▶ MATERIAL FOR THE TASK:
------------------------------

(* Let $s\in(0,1)$ and let $F\in\mathcal M_s$ be an even function. Suppose that for some $\gamma>0$ one has $\int_\gamma F(x)x^{2k}=0$ for all $k\in\mathbb Z_{\ge0}$. Then $F=0$.
   Context: Fix $q\in(0,1)$. Notation: $(a;q)_\infty=\prod_{j\ge0}(1-aq^j)$, $e_q(x)=1/(x;q)_\infty$. For $\gamma>0$, $\int_\gamma f=(1-q)\sum_{k\in\mathbb Z}\sum_{\epsilon=\pm1}q^k\gamma f(\epsilon q^k\gamma)$ whenever absolutely convergent. For $s>0$, $\mathcal M_s$ is the set of functions $F(x)=f(x)e_{q^2}(-x^2)$ (holomorphic on $|\mathrm{Im}\,x|<1$) where $f(x)=\sum_{l\ge0}a_lx^l$ with $|a_l|\le Cs^lq^{l^2/2}$ for all $l$, for some $C>0$. *)

From Stdlib Require Import Reals ZArith.
From Coquelicot Require Import Coquelicot.
Open Scope R_scope.

Fixpoint cpow (x : C) (n : nat) : C :=
  match n with O => RtoC 1 | S n => Cmult x (cpow x n) end.

Fixpoint qpoch_partial (a : C) (q : R) (n : nat) : C :=
  match n with
  | O => RtoC 1
  | S n => Cmult (qpoch_partial a q n) (Cminus (RtoC 1) (Cmult a (RtoC (q ^ n))))
  end.

(* [e_{q}(x) = v]  :  v = 1/(x;q)_oo, the infinite product being the limit
   of the partial products. *)
Definition is_eq (q : R) (x : C) (v : C) : Prop :=
  exists p : C,
    filterlim (qpoch_partial x q) eventually (locally p) /\ v = Cinv p.

(* Membership of F in M_s: F(x) = f(x) e_{q^2}(-x^2) on the strip |Im x| < 1,
   with f(x) = sum_l a_l x^l and |a_l| <= C s^l q^(l^2/2). *)
Definition in_M (q s : R) (F : C -> C) : Prop :=
  exists (a : nat -> C) (Cst : R),
    0 < Cst /\
    (forall l : nat, Cmod (a l) <= Cst * s ^ l * Rpower q (INR l ^ 2 / 2)) /\
    forall x : C, Rabs (Im x) < 1 ->
      exists fx ex : C,
        is_series (fun l => Cmult (a l) (cpow x l)) fx /\
        is_eq (q ^ 2) (Copp (cpow x 2)) ex /\
        F x = Cmult fx ex.

(* The Jackson-type integral  int_gamma h = (1-q) sum_{k in Z} sum_{eps=+-1}
   q^k gamma h(eps q^k gamma), required to be absolutely convergent. *)
Definition jpt (q gamma : R) (k : Z) : R := powerRZ q k * gamma.

Definition jterm (q gamma : R) (h : R -> C) (k : Z) : C :=
  Cmult (RtoC ((1 - q) * jpt q gamma k))
        (Cplus (h (jpt q gamma k)) (h (- jpt q gamma k))).

Definition jackson_abs_conv (q gamma : R) (h : R -> C) : Prop :=
  forall eps : R, (eps = 1 \/ eps = -1) ->
    ex_series (fun n : nat => jpt q gamma (Z.of_nat n) *
                              Cmod (h (eps * jpt q gamma (Z.of_nat n)))) /\
    ex_series (fun n : nat => jpt q gamma (- Z.of_nat (S n)) *
                              Cmod (h (eps * jpt q gamma (- Z.of_nat (S n))))).

Definition jackson_integral_is (q gamma : R) (h : R -> C) (v : C) : Prop :=
  jackson_abs_conv q gamma h /\
  is_series (fun n : nat => Cplus (jterm q gamma h (Z.of_nat n))
                                  (jterm q gamma h (- Z.of_nat (S n)))) v.

From Stdlib Require Import Reals ZArith Lra Lia.
From Coquelicot Require Import Coquelicot.
Open Scope R_scope.

(* Write [F = f e_{q^2}(-x^2)] with [f = sum a_l x^l].  On the real axis
   [e_{q^2}(-t^2) = 1 / P t] with [P t = (-t^2; q^2)_oo], so the Jackson integral of [F x^(2k)]
   only sees the even part [g t = sum_j b_j t^(2j)] of [f] (made real by testing against a
   unimodular constant).  The hypothesis says that the weight [w t = t / P t] on the lattice
   [q^m gamma] annihilates [g t t^(2k)] for every [k].  Since [P t = (1 + t^2) P (q t)],
   multiplying by the partial products [(-t^2; q^2)_p] and shifting the lattice gives
   [sum_m w (t_m) g (t_(m-p)) = 0] for every [p]; expanding [g] and exchanging the sums,
   [sum_j b_j rho_j q^(-2pj) = 0] where the [rho_j] are the moments of [w].  These satisfy
   [rho_j q^(j^2) <= rho_0], so [b_j rho_j] decays like [q^(j^2)], and a Lagrange interpolation
   estimate shows that such a series vanishing at all the nodes [q^(-2p)] is zero.  Hence [f]
   is odd, so [F] is odd; being even, [F = 0]. *)

(** * Series of reals *)

Lemma pow_le_pow_le_1 (r : R) (m n : nat) :
  0 <= r <= 1 -> (m <= n)%nat -> r ^ n <= r ^ m.
Proof.
  intros Hr Hmn. replace n with (m + (n - m))%nat by lia. rewrite pow_add.
  pose proof (pow_le r m (proj1 Hr)). pose proof (pow_incr r 1 (n - m) Hr) as H1.
  rewrite pow1 in H1. nra.
Qed.

Lemma exp_le_exp_of_le (x y : R) : x <= y -> exp x <= exp y.
Proof. intros [H | <-]; [left; apply exp_increasing |]; lra. Qed.

Lemma eq0_of_Rabs_le_geom (a c r : R) :
  0 <= r < 1 -> (forall n, Rabs a <= c * r ^ n) -> a = 0.
Proof.
  intros Hr Ha. apply Rabs_eq_0, Rle_antisym; [| apply Rabs_pos].
  assert (Hlim : is_lim_seq (fun n => c * r ^ n) 0).
  { replace (Finite 0) with (Rbar_mult c 0) by (simpl; f_equal; ring).
    apply is_lim_seq_scal_l, is_lim_seq_geom. rewrite Rabs_pos_eq; lra. }
  apply (is_lim_seq_le (fun _ => Rabs a) (fun n => c * r ^ n) (Rabs a) 0 Ha);
    [apply is_lim_seq_const | exact Hlim].
Qed.

Lemma is_series_is_lim_seq (a : nat -> R) (l : R) :
  is_series a l <-> is_lim_seq (sum_n a) l.
Proof. split; intros H; exact H. Qed.

(* [is_series_ext] at type [R], so that the pointwise equations are goals [ring] recognises. *)
Lemma is_series_ext_R (a b : nat -> R) (l : R) :
  (forall n, a n = b n) -> is_series a l -> is_series b l.
Proof. apply is_series_ext. Qed.

Lemma is_lim_seq_Rabs_le_0 (v w : nat -> R) :
  (forall n, Rabs (v n) <= w n) -> is_lim_seq w 0 -> is_lim_seq v 0.
Proof.
  intros Hvw Hw. apply (is_lim_seq_le_le (fun n => - w n) v w); [| | exact Hw].
  - intros n. apply Rabs_le_between, Hvw.
  - replace (Finite 0) with (Rbar_opp 0) by (simpl; f_equal; ring).
    apply -> is_lim_seq_opp. exact Hw.
Qed.

Lemma is_series_lincomb (a b u : nat -> R) (la lb alpha beta l : R) :
  is_series a la -> is_series b lb ->
  (forall n, u n = alpha * a n + beta * b n) -> l = alpha * la + beta * lb -> is_series u l.
Proof.
  intros Ha Hb Hu ->. apply (is_series_ext _ _ _ (fun n => eq_sym (Hu n))).
  exact (is_series_plus _ _ _ _ (is_series_scal _ _ _ Ha) (is_series_scal _ _ _ Hb)).
Qed.

Lemma sum_n_eq_head (u : nat -> R) (n : nat) :
  (forall k, (1 <= k <= n)%nat -> u k = 0) -> sum_n u n = u 0%nat.
Proof.
  induction n as [| n IH]; intros Hu; [apply sum_O |].
  rewrite sum_Sn, IH by (intros k Hk; apply Hu; lia). rewrite (Hu (S n)) by lia.
  apply Rplus_0_r.
Qed.

Lemma is_series_drop_zeros (u : nat -> R) (m : nat) (l : R) :
  (forall k, (k < m)%nat -> u k = 0) -> is_series u l ->
  is_series (fun j => u (m + j)%nat) l.
Proof.
  intros Hu Hs. destruct m as [| m]; [exact Hs |].
  apply is_series_incr_n; [lia |].
  simpl pred. rewrite sum_n_eq_head by (intros k Hk; apply Hu; lia).
  rewrite (Hu 0%nat) by lia.
  match goal with |- is_series _ ?v => replace v with l by (unfold plus; simpl; ring) end.
  exact Hs.
Qed.

Lemma ex_series_Rabs_le (a d : nat -> R) :
  (forall n, Rabs (a n) <= d n) -> ex_series d -> ex_series a.
Proof. intros H Hd. exact (@ex_series_le R_AbsRing R_CompleteNormedModule _ d H Hd). Qed.

Lemma ex_series_scal_geom (c r : R) : Rabs r < 1 -> ex_series (fun n => c * r ^ n).
Proof.
  intros Hr. exists (c * / (1 - r)). exact (is_series_scal c _ _ (is_series_geom r Hr)).
Qed.

Lemma Rabs_Series_le (a d : nat -> R) :
  (forall n, Rabs (a n) <= d n) -> ex_series d -> Rabs (Series a) <= Series d.
Proof.
  intros H Hd. eapply Rle_trans; [apply Series_Rabs |].
  - apply (ex_series_Rabs_le _ d); [intros n; rewrite Rabs_Rabsolu; apply H | exact Hd].
  - apply Series_le; [intros n; split; [apply Rabs_pos | apply H] | exact Hd].
Qed.

Lemma Rabs_series_head_le (u : nat -> R) (n : nat) (c rho : R) :
  0 <= rho < 1 -> is_series u 0 ->
  (forall k, (1 <= k <= n)%nat -> u k = 0) ->
  (forall k, Rabs (u (S n + k)%nat) <= c * rho ^ k) ->
  Rabs (u 0%nat) <= c / (1 - rho).
Proof.
  intros Hrho Hs Hzero Htail.
  assert (Hgeom : is_series (fun k => c * rho ^ k) (c * / (1 - rho))).
  { exact (is_series_scal c _ _ (is_series_geom rho ltac:(rewrite Rabs_pos_eq; lra))). }
  assert (Hrest : is_series (fun k => u (S n + k)%nat) (- u 0%nat)).
  { apply is_series_incr_n; [lia |]. simpl pred. rewrite sum_n_eq_head by exact Hzero.
    match goal with |- is_series _ ?v => replace v with 0 by (unfold plus; simpl; ring) end.
    exact Hs. }
  unfold Rdiv.
  rewrite <- Rabs_Ropp, <- (is_series_unique _ _ Hrest), <- (is_series_unique _ _ Hgeom).
  apply Rabs_Series_le; [exact Htail | eexists; exact Hgeom].
Qed.

Lemma Series_nonneg (a : nat -> R) : (forall n, 0 <= a n) -> ex_series a -> 0 <= Series a.
Proof.
  intros Ha Hex. replace 0 with (Series (fun n => 0 * a n)) by (rewrite Series_scal_l; ring).
  apply Series_le; [intros n; rewrite Rmult_0_l; split; [lra | apply Ha] | exact Hex].
Qed.

Lemma Series_tail (a : nat -> R) (N : nat) :
  ex_series a -> Series (fun k => a (S N + k)%nat) = Series a - sum_n a N.
Proof.
  intros H. rewrite (Series_incr_n a (S N)) by (auto; lia). simpl pred.
  rewrite sum_n_Reals. ring.
Qed.

Lemma ex_series_tail (a : nat -> R) (N : nat) :
  ex_series a -> ex_series (fun k => a (S N + k)%nat).
Proof. apply ex_series_incr_n. Qed.

Lemma is_lim_seq_Series_tail (a : nat -> R) :
  ex_series a -> is_lim_seq (fun N => Series (fun k => a (S N + k)%nat)) 0.
Proof.
  intros H. apply (is_lim_seq_ext (fun N => Series a - sum_n a N));
    [intros N; symmetry; apply Series_tail, H |].
  replace (Finite 0) with (Finite (Series a - Series a)) by (f_equal; ring).
  apply is_lim_seq_minus'; [apply is_lim_seq_const |].
  apply is_series_is_lim_seq, Series_correct, H.
Qed.

Lemma is_lim_seq_sum_n_0 (f : nat -> nat -> R) (J : nat) :
  (forall j, is_lim_seq (fun N => f N j) 0) -> is_lim_seq (fun N => sum_n (f N) J) 0.
Proof.
  intros H. induction J as [| J IH].
  - apply (is_lim_seq_ext (fun N => f N 0%nat)); [intros N; symmetry; apply sum_O | apply H].
  - apply (is_lim_seq_ext (fun N => sum_n (f N) J + f N (S J)));
      [intros N; rewrite sum_Sn; reflexivity |].
    replace (Finite 0) with (Finite (0 + 0)) by (f_equal; ring). apply is_lim_seq_plus'; auto.
Qed.

Lemma sum_n_nonneg (a : nat -> R) (N : nat) : (forall n, 0 <= a n) -> 0 <= sum_n a N.
Proof.
  intros H. induction N as [| N IH]; [rewrite sum_O; apply H |].
  rewrite sum_Sn. pose proof (H (S N)). unfold plus; simpl; lra.
Qed.

Lemma Series_tail_bounds (d : nat -> R) (N : nat) :
  (forall n, 0 <= d n) -> ex_series d -> 0 <= Series (fun k => d (S N + k)%nat) <= Series d.
Proof.
  intros Hd Hex. rewrite Series_tail by exact Hex.
  pose proof (Series_nonneg _ (fun k => Hd (S N + k)%nat) (ex_series_tail d N Hex)) as H.
  rewrite Series_tail in H by exact Hex. pose proof (sum_n_nonneg d N Hd). lra.
Qed.

Lemma Rabs_Series_sub_sum_n_le (a d : nat -> R) (N : nat) :
  (forall n, Rabs (a n) <= d n) -> ex_series d ->
  Rabs (Series a - sum_n a N) <= Series (fun k => d (S N + k)%nat).
Proof.
  intros Had Hd. rewrite <- Series_tail by exact (ex_series_Rabs_le a d Had Hd).
  apply Rabs_Series_le; [intros k; apply Had | apply ex_series_tail, Hd].
Qed.

Lemma is_lim_seq_Series_dominated (f : nat -> nat -> R) (c : nat -> R) :
  (forall N j, 0 <= f N j <= c j) -> ex_series c ->
  (forall j, is_lim_seq (fun N => f N j) 0) ->
  is_lim_seq (fun N => Series (f N)) 0.
Proof.
  intros Hf Hc Hlim.
  assert (Hex : forall N, ex_series (f N)).
  { intros N. apply (ex_series_Rabs_le _ c); [| exact Hc].
    intros j. rewrite Rabs_pos_eq; apply Hf. }
  apply is_lim_seq_spec. intros eps.
  destruct (proj2 (is_lim_seq_spec _ _) (is_lim_seq_Series_tail c Hc) (pos_div_2 eps)) as [J HJ].
  destruct (proj2 (is_lim_seq_spec _ _) (is_lim_seq_sum_n_0 f J Hlim) (pos_div_2 eps))
    as [N0 HN0].
  exists N0. intros N HN. specialize (HJ J (Nat.le_refl _)). specialize (HN0 N HN).
  rewrite Rminus_0_r in *. change (pos (pos_div_2 eps)) with (eps / 2) in *.
  (* Split [f N] at [J]: the head is small for large [N], the tail is dominated by that of [c]. *)
  rewrite (Series_incr_n (f N) (S J)), <- sum_n_Reals by (auto; lia). simpl pred.
  assert (0 <= sum_n (f N) J) by (apply sum_n_nonneg; intros; apply Hf).
  assert (0 <= Series (fun k => f N (S J + k)%nat)).
  { apply Series_nonneg; [intros; apply Hf | apply ex_series_tail, Hex]. }
  assert (Series (fun k => f N (S J + k)%nat) <= Series (fun k => c (S J + k)%nat)).
  { apply Series_le; [intros; apply Hf | apply ex_series_tail, Hc]. }
  rewrite Rabs_pos_eq in HJ, HN0 by lra. rewrite Rabs_pos_eq by lra. lra.
Qed.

------------------------------

▶ WHAT YOU ARE ASKED TO DO: The response must consist solely of the lines from the top of the records through the line holding "Fixpoint cpow (x", copied word for word.

▶ THE COMPLETED TASK:
(* Let $s\in(0,1)$ and let $F\in\mathcal M_s$ be an even function. Suppose that for some $\gamma>0$ one has $\int_\gamma F(x)x^{2k}=0$ for all $k\in\mathbb Z_{\ge0}$. Then $F=0$.
   Context: Fix $q\in(0,1)$. Notation: $(a;q)_\infty=\prod_{j\ge0}(1-aq^j)$, $e_q(x)=1/(x;q)_\infty$. For $\gamma>0$, $\int_\gamma f=(1-q)\sum_{k\in\mathbb Z}\sum_{\epsilon=\pm1}q^k\gamma f(\epsilon q^k\gamma)$ whenever absolutely convergent. For $s>0$, $\mathcal M_s$ is the set of functions $F(x)=f(x)e_{q^2}(-x^2)$ (holomorphic on $|\mathrm{Im}\,x|<1$) where $f(x)=\sum_{l\ge0}a_lx^l$ with $|a_l|\le Cs^lq^{l^2/2}$ for all $l$, for some $C>0$. *)

From Stdlib Require Import Reals ZArith.
From Coquelicot Require Import Coquelicot.
Open Scope R_scope.

Fixpoint cpow (x : C) (n : nat) : C :=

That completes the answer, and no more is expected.